● WHAT YOU WILL DO
Each line with the string "lamE" is to be copied from the records below.

______

Lemma orthant_ray_unit r j :
  orthant (zreal (ray r)) -> 0 < ray r j -> ray r = unitZ j.
Proof.
move=> ro rj; have [prim [_ [single [_ [_ [inter _]]]]]] := fanS.
have [_ [w [w0 wE]]] := inter _ _ (single r) tS.
have wr : dotRR w (zreal (ray r)) = 0.
  by case: ((wE _).1 (conj (cone_self ray (set11 r)) ((tE _).2 ro))).
have wi i : 0 <= w i by rewrite -dotRR_ev w0 //; apply/tE/orthant_ev.
have wj : w j = 0.
  have := psumr_eq0P (P := predT) (F := fun i => w i * zreal (ray r) i)
    (fun i _ => mulr_ge0 (wi i) (ro i)) wr (i := j) isT.
  move/eqP; rewrite mulf_eq0 => /orP[/eqP //|].
  by rewrite /zreal intr_eq0 => /eqP rj0; move: rj; rewrite rj0 ltxx.
have wej : dotRR w (ev j) = 0 by rewrite dotRR_ev.
have [[lam [_ lamE]] _] := (wE (ev j)).2 (conj ((tE _).2 (orthant_ev j)) wej).
apply: primitive_unit => // i ij.
have := lamE i; rewrite /ev (negbTE ij) big_set1 => /esym/eqP; rewrite mulf_eq0.
case/orP => [/eqP l0|]; last by rewrite /zreal intr_eq0 => /eqP.
by have := lamE j; rewrite /ev eqxx big_set1 l0 mul0r => /eqP; rewrite oner_eq0.
Qed.

End FanWithOrthant.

______

● SOLUTION TO THIS EXERCISE
have [[lam [_ lamE]] _] := (wE (ev j)).2 (conj ((tE _).2 (orthant_ev j)) wej).
have := lamE i; rewrite /ev (negbTE ij) big_set1 => /esym/eqP; rewrite mulf_eq0.
by have := lamE j; rewrite /ev eqxx big_set1 l0 mul0r => /eqP; rewrite oner_eq0.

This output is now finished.